[Start of Attachment]

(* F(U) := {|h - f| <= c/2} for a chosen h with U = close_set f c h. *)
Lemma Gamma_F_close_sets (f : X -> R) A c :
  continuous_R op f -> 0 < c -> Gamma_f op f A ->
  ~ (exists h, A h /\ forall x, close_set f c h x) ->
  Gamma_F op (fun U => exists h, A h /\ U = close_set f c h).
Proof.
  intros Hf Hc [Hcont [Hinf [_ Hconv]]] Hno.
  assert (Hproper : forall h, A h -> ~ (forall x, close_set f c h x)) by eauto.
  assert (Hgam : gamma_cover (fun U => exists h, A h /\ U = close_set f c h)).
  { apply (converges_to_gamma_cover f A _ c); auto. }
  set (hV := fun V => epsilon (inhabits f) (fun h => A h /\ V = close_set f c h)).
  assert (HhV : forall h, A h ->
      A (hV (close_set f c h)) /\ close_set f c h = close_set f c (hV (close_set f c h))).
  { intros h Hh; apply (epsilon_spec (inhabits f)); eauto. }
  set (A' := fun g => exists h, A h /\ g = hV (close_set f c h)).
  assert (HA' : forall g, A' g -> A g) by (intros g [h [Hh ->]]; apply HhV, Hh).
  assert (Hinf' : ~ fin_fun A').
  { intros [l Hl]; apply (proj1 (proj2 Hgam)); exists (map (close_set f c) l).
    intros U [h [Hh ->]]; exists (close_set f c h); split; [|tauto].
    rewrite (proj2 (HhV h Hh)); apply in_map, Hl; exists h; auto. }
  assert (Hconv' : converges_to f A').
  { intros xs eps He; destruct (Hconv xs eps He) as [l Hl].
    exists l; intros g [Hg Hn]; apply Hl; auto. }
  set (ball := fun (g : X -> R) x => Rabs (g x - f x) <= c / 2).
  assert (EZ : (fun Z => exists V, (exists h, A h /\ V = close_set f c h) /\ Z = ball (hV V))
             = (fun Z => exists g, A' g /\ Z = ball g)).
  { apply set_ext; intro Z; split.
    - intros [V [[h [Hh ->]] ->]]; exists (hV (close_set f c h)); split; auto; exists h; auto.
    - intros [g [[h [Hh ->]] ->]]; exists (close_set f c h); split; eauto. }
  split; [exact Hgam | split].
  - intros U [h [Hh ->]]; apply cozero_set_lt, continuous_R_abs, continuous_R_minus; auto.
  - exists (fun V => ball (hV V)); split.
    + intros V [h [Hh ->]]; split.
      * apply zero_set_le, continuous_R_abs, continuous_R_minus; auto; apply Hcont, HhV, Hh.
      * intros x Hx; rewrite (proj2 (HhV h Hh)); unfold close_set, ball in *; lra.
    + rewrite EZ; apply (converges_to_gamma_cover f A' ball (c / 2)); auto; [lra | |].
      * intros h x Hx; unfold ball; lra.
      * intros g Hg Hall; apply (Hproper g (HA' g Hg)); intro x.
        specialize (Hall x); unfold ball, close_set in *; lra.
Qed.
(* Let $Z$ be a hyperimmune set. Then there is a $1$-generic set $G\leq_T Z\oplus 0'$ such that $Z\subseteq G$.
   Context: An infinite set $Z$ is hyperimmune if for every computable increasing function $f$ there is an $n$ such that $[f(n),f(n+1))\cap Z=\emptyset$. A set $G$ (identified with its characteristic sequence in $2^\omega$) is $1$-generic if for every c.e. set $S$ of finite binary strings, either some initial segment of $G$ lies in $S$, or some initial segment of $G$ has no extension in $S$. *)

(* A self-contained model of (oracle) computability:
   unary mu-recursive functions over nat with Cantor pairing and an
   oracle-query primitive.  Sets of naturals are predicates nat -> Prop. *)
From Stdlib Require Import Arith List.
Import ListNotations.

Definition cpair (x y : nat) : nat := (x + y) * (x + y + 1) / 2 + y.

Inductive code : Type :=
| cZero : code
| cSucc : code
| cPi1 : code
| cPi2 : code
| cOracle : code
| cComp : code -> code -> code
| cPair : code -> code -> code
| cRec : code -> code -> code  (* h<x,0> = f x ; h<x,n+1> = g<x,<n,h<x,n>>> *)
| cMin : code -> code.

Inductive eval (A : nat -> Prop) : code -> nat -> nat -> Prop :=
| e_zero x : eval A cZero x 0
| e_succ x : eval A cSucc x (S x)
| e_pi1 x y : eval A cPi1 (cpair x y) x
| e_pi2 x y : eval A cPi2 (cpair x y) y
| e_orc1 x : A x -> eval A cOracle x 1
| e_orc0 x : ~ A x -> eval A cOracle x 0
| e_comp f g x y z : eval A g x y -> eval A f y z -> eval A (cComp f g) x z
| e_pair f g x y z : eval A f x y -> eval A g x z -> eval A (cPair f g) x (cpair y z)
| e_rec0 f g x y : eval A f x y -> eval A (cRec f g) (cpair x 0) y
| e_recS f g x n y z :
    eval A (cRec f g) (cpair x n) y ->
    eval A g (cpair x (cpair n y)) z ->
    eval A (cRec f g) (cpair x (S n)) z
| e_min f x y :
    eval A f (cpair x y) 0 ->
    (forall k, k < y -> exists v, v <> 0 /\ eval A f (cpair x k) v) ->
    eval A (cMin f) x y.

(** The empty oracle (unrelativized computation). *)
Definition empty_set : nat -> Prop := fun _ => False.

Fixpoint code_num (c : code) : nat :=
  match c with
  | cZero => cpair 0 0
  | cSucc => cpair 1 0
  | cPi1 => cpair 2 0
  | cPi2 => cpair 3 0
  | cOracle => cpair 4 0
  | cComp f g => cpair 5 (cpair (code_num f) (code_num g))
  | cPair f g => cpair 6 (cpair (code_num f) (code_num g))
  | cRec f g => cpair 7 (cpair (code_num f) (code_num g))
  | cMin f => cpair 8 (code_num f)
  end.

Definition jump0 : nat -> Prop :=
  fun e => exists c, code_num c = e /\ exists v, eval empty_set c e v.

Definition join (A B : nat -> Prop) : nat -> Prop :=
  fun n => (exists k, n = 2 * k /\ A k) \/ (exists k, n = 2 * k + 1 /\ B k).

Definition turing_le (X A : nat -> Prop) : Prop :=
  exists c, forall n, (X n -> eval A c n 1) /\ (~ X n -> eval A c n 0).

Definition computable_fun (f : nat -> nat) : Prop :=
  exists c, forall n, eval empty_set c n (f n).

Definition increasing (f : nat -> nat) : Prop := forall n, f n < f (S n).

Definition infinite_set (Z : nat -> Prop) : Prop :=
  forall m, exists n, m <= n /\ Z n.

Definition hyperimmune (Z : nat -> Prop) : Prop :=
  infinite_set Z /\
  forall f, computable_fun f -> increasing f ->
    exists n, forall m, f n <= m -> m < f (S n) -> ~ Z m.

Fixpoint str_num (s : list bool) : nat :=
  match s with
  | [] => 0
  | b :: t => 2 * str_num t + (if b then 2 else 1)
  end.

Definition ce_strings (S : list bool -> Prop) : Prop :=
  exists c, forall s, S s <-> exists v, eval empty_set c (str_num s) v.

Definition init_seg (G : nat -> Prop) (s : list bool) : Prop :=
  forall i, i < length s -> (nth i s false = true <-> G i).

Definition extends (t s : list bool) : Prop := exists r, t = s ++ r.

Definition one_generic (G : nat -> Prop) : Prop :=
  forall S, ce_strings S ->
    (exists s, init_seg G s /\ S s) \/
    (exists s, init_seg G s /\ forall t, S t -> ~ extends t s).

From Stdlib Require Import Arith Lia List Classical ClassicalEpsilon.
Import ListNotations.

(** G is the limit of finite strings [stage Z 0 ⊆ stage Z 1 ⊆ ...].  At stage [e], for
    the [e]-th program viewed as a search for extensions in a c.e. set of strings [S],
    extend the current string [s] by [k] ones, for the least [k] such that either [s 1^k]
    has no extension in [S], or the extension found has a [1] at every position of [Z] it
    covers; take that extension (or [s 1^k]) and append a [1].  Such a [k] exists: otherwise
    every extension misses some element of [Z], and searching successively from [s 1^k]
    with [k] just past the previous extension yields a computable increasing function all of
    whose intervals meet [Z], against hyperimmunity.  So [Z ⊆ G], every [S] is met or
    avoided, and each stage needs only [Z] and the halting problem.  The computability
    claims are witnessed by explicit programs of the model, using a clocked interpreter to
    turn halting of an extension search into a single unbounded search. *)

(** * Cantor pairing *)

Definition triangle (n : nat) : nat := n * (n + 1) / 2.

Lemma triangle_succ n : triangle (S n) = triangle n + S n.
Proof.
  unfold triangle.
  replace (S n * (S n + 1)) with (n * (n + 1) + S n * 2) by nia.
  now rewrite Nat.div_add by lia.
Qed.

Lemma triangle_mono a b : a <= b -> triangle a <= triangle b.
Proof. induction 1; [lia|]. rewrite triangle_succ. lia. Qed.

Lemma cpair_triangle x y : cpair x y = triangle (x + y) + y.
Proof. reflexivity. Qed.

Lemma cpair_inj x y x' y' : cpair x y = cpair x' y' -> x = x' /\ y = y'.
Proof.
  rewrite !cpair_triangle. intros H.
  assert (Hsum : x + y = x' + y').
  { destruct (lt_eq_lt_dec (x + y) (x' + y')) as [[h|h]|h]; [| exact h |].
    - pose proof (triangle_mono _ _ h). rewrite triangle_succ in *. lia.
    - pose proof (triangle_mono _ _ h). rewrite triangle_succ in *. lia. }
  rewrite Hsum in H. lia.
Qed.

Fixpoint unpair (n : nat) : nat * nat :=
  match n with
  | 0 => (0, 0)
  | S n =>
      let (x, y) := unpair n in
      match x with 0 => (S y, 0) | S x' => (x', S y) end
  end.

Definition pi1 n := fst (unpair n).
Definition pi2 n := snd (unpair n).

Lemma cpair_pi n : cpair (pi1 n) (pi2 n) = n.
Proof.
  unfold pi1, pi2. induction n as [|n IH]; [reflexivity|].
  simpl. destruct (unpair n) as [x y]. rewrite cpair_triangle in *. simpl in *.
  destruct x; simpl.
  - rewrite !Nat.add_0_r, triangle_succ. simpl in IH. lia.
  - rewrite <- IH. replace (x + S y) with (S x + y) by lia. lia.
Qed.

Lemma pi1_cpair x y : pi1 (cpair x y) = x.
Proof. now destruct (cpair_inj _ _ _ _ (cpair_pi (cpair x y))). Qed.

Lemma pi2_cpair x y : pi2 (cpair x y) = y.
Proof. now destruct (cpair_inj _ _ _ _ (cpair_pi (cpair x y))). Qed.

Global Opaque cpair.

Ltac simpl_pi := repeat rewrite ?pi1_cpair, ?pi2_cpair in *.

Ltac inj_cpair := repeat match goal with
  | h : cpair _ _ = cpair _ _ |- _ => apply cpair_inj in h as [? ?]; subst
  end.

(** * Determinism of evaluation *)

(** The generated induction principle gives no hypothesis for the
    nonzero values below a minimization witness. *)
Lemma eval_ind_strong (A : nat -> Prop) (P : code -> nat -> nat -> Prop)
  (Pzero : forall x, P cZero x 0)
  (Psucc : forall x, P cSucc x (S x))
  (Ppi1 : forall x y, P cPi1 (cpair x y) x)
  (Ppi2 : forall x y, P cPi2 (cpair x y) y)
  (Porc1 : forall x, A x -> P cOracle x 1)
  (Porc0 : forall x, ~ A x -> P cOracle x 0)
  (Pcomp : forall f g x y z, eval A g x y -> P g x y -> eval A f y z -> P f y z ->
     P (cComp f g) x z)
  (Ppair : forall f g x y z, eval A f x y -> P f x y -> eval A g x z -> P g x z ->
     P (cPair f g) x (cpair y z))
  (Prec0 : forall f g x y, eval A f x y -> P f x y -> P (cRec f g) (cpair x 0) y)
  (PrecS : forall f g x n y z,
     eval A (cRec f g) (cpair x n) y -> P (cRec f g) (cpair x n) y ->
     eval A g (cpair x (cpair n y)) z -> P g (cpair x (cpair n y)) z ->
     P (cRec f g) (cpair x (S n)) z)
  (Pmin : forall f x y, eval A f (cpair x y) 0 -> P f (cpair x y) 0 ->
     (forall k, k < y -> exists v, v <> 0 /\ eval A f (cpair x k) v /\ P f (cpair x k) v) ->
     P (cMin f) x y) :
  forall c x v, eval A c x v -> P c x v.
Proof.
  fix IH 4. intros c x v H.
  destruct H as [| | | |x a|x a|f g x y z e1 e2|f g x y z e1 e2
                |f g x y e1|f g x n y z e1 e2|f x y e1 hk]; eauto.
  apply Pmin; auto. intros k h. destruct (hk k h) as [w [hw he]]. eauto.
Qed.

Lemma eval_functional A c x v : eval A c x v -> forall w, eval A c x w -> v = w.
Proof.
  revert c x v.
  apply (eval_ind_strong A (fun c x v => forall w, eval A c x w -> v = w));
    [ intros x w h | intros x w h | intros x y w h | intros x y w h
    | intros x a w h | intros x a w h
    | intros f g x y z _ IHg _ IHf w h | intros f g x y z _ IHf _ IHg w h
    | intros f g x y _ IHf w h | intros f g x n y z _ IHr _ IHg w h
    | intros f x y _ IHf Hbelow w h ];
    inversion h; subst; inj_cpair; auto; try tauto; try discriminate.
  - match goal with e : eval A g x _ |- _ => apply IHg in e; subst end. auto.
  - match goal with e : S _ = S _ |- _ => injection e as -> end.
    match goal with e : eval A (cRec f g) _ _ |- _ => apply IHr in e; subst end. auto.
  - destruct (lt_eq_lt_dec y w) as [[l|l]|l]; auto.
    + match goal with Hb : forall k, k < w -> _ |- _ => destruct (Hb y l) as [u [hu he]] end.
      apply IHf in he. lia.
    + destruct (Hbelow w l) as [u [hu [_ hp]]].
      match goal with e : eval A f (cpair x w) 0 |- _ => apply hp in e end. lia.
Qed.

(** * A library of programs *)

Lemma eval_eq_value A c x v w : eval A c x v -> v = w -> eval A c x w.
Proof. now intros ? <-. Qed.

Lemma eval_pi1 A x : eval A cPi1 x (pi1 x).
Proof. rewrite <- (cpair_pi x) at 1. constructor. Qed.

[End of Attachment]

▶ **Exercise directions**: Print exactly the lines above, between the one holding "unfold triangle." and the one holding "unfold pi1, pi2.", inclusive, and nothing besides.

▶ **Task answer**:
  unfold triangle.
  replace (S n * (S n + 1)) with (n * (n + 1) + S n * 2) by nia.
  now rewrite Nat.div_add by lia.
Qed.

Lemma triangle_mono a b : a <= b -> triangle a <= triangle b.
Proof. induction 1; [lia|]. rewrite triangle_succ. lia. Qed.

Lemma cpair_triangle x y : cpair x y = triangle (x + y) + y.
Proof. reflexivity. Qed.

Lemma cpair_inj x y x' y' : cpair x y = cpair x' y' -> x = x' /\ y = y'.
Proof.
  rewrite !cpair_triangle. intros H.
  assert (Hsum : x + y = x' + y').
  { destruct (lt_eq_lt_dec (x + y) (x' + y')) as [[h|h]|h]; [| exact h |].
    - pose proof (triangle_mono _ _ h). rewrite triangle_succ in *. lia.
    - pose proof (triangle_mono _ _ h). rewrite triangle_succ in *. lia. }
  rewrite Hsum in H. lia.
Qed.

Fixpoint unpair (n : nat) : nat * nat :=
  match n with
  | 0 => (0, 0)
  | S n =>
      let (x, y) := unpair n in
      match x with 0 => (S y, 0) | S x' => (x', S y) end
  end.

Definition pi1 n := fst (unpair n).
Definition pi2 n := snd (unpair n).

Lemma cpair_pi n : cpair (pi1 n) (pi2 n) = n.
Proof.
  unfold pi1, pi2. induction n as [|n IH]; [reflexivity|].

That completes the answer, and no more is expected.